Comment by John McCreery on November 9, 2009 at 6:30am
Francisco, thank you for those kind and encouraging words. Since I may have miscommunicated, I should be clear, however: There are both anthropologists who study Chinese religion and social historians and historians of religion who engage anthropological theories in what they write. The issue is that those who share this interest form an area studies community, whose work is rarely noticed, either in general introductions to the anthropology of religion or in work in the anthropology of religion conducted in other regions. This may reflect the ethnocentrism you mention or, alternatively, academic specialization and a body of classic works rooted in other places.

Anyway, thanks again for the support. Much appreciated.
Comment by Francisco Duarte on November 7, 2009 at 5:05pm
Sorry for putting myself in the middle of the conversation, but I think your point very interesting. In fact, we know that anthropology has a history of ethnocentrism, making the euro-american societies the center of the world, and the rest as the primitives (who, in a certain way, needed to be "civilized" and so on). The departure from this perspective initiated the study (in large scale, at least) of the very own societies who wanted to study the "others". In this auto-evaluation of the western self, maybe a lot of anthropologists simple forgott about the rest of the wolrd in this try to compreend themselves and their societies.

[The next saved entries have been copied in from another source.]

Definition lcoset (a : A) : A -> Prop := fun b => N (ginv a * b).
Definition quot := {C : A -> Prop | exists a, C = lcoset a}.
Definition qproj (a : A) : quot := exist _ (lcoset a) (ex_intro _ a erefl).
Definition qrepr (z : quot) : A := proj1_sig (cid (proj2_sig z)).

Lemma qreprK z : qproj (qrepr z) = z.
Proof.
rewrite /qrepr; case: z => C hC /=; case: (cid hC) => a /= eC.
by apply: eq_exist; rewrite eC.
Qed.

Lemma qproj_surj z : exists a, z = qproj a.
Proof. by exists (qrepr z); rewrite qreprK. Qed.

Lemma qproj_eq a b : qproj a = qproj b <-> N (ginv a * b).
Proof.
split=> [/(congr1 (fun z => proj1_sig z b)) /= | Nab].
  by rewrite /lcoset gmulVl => ->; apply: subgroup1.
apply: eq_exist; apply: funext => c; apply: propext; rewrite /lcoset; split=> Nc.
  have -> : ginv b * c = ginv (ginv a * b) * (ginv a * c).
    by rewrite ginvM ginvK -gmulA gmulVK.
  by apply: subgroupM => //; apply: subgroupV.
by rewrite -(gmulVK b c) gmulA; apply: subgroupM.
Qed.

Definition qmul (z w : quot) : quot := qproj (qrepr z * qrepr w).
Definition qinv (z : quot) : quot := qproj (ginv (qrepr z)).
Definition qone : quot := qproj (gone A).

Lemma qprojM a b : qmul (qproj a) (qproj b) = qproj (a * b).
Proof.
apply/qproj_eq; set a' := qrepr _; set b' := qrepr _.
have Na : N (ginv a' * a) by apply/qproj_eq; rewrite qreprK.
have Nb : N (ginv b' * b) by apply/qproj_eq; rewrite qreprK.
have -> : ginv (a' * b') * (a * b) = ginv b' * ((ginv a' * a) * b') * (ginv b' * b).
  by rewrite ginvM -!gmulA gmulVK.
by apply: subgroupM => //; case: N_normal => _; apply.
Qed.

Lemma qprojV a : qinv (qproj a) = qproj (ginv a).
Proof.
apply/qproj_eq; set a' := qrepr _; rewrite ginvK.
have Na : N (ginv a' * a) by apply/qproj_eq; rewrite qreprK.
have := proj2 N_normal _ (ginv a') (subgroupV N_sub Na).
by rewrite ginvK ginvM ginvK -gmulA gmulVr gmul1r.
Qed.

Lemma qmulA x y z : qmul x (qmul y z) = qmul (qmul x y) z.
Proof.
case: (qproj_surj x) (qproj_surj y) (qproj_surj z) => a -> [b ->] [c ->].
by rewrite !qprojM gmulA.
Qed.

Lemma qmul1l x : qmul qone x = x.
Proof. by case: (qproj_surj x) => a ->; rewrite qprojM gmul1l. Qed.

Lemma qmulVl x : qmul (qinv x) x = qone.
Proof. by case: (qproj_surj x) => a ->; rewrite qprojV qprojM gmulVl. Qed.

Definition quot_grp : grp := Grp qmulA qmul1l qmulVl.

Lemma qproj_hom : is_hom (qproj : A -> quot_grp).
Proof. by move=> x y; rewrite /= qprojM. Qed.

End Quotient.

Section Schreier.
Variables (A : grp) (gens reps : seq A) (L X : A -> Prop).
Local Notation "x * y" := (gmul x y).
Hypothesis gensP : forall x, gen (fun y => List.In y gens) x.
Hypotheses (L_sub : is_subgroup L) (X_sub : is_subgroup X) (XL : forall x, X x -> L x).
Hypothesis reps_cover : forall g, exists2 c, List.In c reps & L (ginv c * g).

Definition maps_rep_cosets (g : A) :=
  forall c, List.In c reps -> exists2 c', List.In c' reps & X (ginv c' * (g * c)).

Lemma maps_rep_cosetsM g h : maps_rep_cosets g -> maps_rep_cosets h -> maps_rep_cosets (g * h).
Proof.
move=> pg ph c /ph [c1 /pg [c2 rc2 X2] X1]; exists c2 => //.
have -> : ginv c2 * (g * h * c) = ginv c2 * (g * c1) * (ginv c1 * (h * c)).
  by rewrite -!gmulA gmulVK.
exact: subgroupM.
Qed.

Lemma maps_rep_cosets_all :
  (forall t, List.In t gens -> maps_rep_cosets t /\ maps_rep_cosets (ginv t)) ->
  forall g, maps_rep_cosets g.
Proof.
move=> pgens g.
have sP : is_subgroup (fun g => maps_rep_cosets g /\ maps_rep_cosets (ginv g)).
  split; last split.
  - have p1 : maps_rep_cosets (gone A).
      by move=> c rc; exists c; rewrite // gmul1l gmulVl; apply: subgroup1.
    by rewrite ginv1.
  - move=> x y [px px'] [py py']; split; first exact: maps_rep_cosetsM.
    by rewrite ginvM; apply: maps_rep_cosetsM.
  - by move=> x [px px']; rewrite ginvK.
by have [] := gen_subG sP pgens (gensP g).
Qed.

(* Schreier's lemma: L is generated by the elements c'^-1 t c and the
   representatives lying in L. *)
Lemma schreier_subG :
  (forall t, List.In t gens -> maps_rep_cosets t /\ maps_rep_cosets (ginv t)) ->
  (forall c, List.In c reps -> L c -> X c) ->
  forall g, L g -> X g.
Proof.
move=> pgens repsX g Lg.
have [c0 rc0 L0] := reps_cover (gone A); rewrite gmul1r in L0.
have [c1 rc1 X1] := maps_rep_cosets_all pgens g rc0.
have L1 : L c1.
  apply: subgroupVr => //.
  have -> : ginv c1 = ginv c1 * (g * c0) * (ginv c0 * ginv g).
    by rewrite -!gmulA gmulVK gmulVr gmul1r.
  exact: subgroupM L_sub (XL X1) (subgroupM L_sub L0 (subgroupV L_sub Lg)).
have -> : g = c1 * (ginv c1 * (g * c0)) * ginv c0.
  by rewrite gmulVK -gmulA gmulVr gmul1r.
have X0 : X c0 by apply: repsX => //; apply: subgroupVr.
exact: subgroupM (subgroupM X_sub (repsX _ rc1 L1) X1) (subgroupV X_sub X0).
Qed.

End Schreier.

Section Ultimately.
Variables (d : Order.disp_t) (I : orderType d) (i0 : I).
Implicit Types Q : I -> Prop.

Definition ultimately Q := exists i, forall j, (i <= j)%O -> Q j.

Lemma ultimately_mono Q Q' : (forall j, Q j -> Q' j) -> ultimately Q -> ultimately Q'.
Proof. by move=> QQ' [i Qi]; exists i => j /Qi /QQ'. Qed.

Lemma ultimately_and Q Q' : ultimately Q -> ultimately Q' -> ultimately (fun j => Q j /\ Q' j).
Proof.
move=> [a Qa] [b Qb]; exists (Order.max a b) => j; rewrite ge_max => /andP[aj bj].
by split; [apply: Qa | apply: Qb].
Qed.

Lemma ultimately_all (T : Type) (s : seq T) (Q : T -> I -> Prop) :
  (forall x, List.In x s -> ultimately (Q x)) ->
  ultimately (fun j => forall x, List.In x s -> Q x j).
Proof.
elim: s => [|y s IHs] Qs; first by exists i0 => j _ x [].
have := ultimately_and (Qs y (or_introl erefl)) (IHs (fun x sx => Qs x (or_intror sx))).
by apply: ultimately_mono => j [Qy Q'] x [<- | /Q'].
Qed.

Lemma ultimately_impl (P : Prop) Q : (P -> ultimately Q) -> ultimately (fun j => P -> Q j).
Proof.
case: (pselect P) => [/[swap]/[apply] | nP _]; first exact: ultimately_mono.
by exists i0 => j _ /nP.
Qed.

Lemma limsup_I_le_ultimately (R : realType) (a : I -> \bar R) (x : \bar R) :
  ultimately (fun j => (a j <= x)%E) -> (limsup_I a <= x)%E.
Proof.
case=> i ax; apply: le_trans (ereal_inf_lbound _) _; first by exists i.
by apply: ge_ereal_sup => _ [j /= ij <-]; apply: ax.
Qed.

Also, the atheisation of China by the Mao politics (it was, of course, largelly uncessful) ensured that religion would not be very spoken about in that large country. It ensured that the studies about chinese religion would not be very prolific. And, indeed, it strikes me has very obvious that someone should be talking about chinese religion in anthroplogical terms.
I think your study will pioneer a strong branch of our science. Your fears are, of course, understandable, but someone must clear the path. Keep steady, I think you're on something. The best of luck.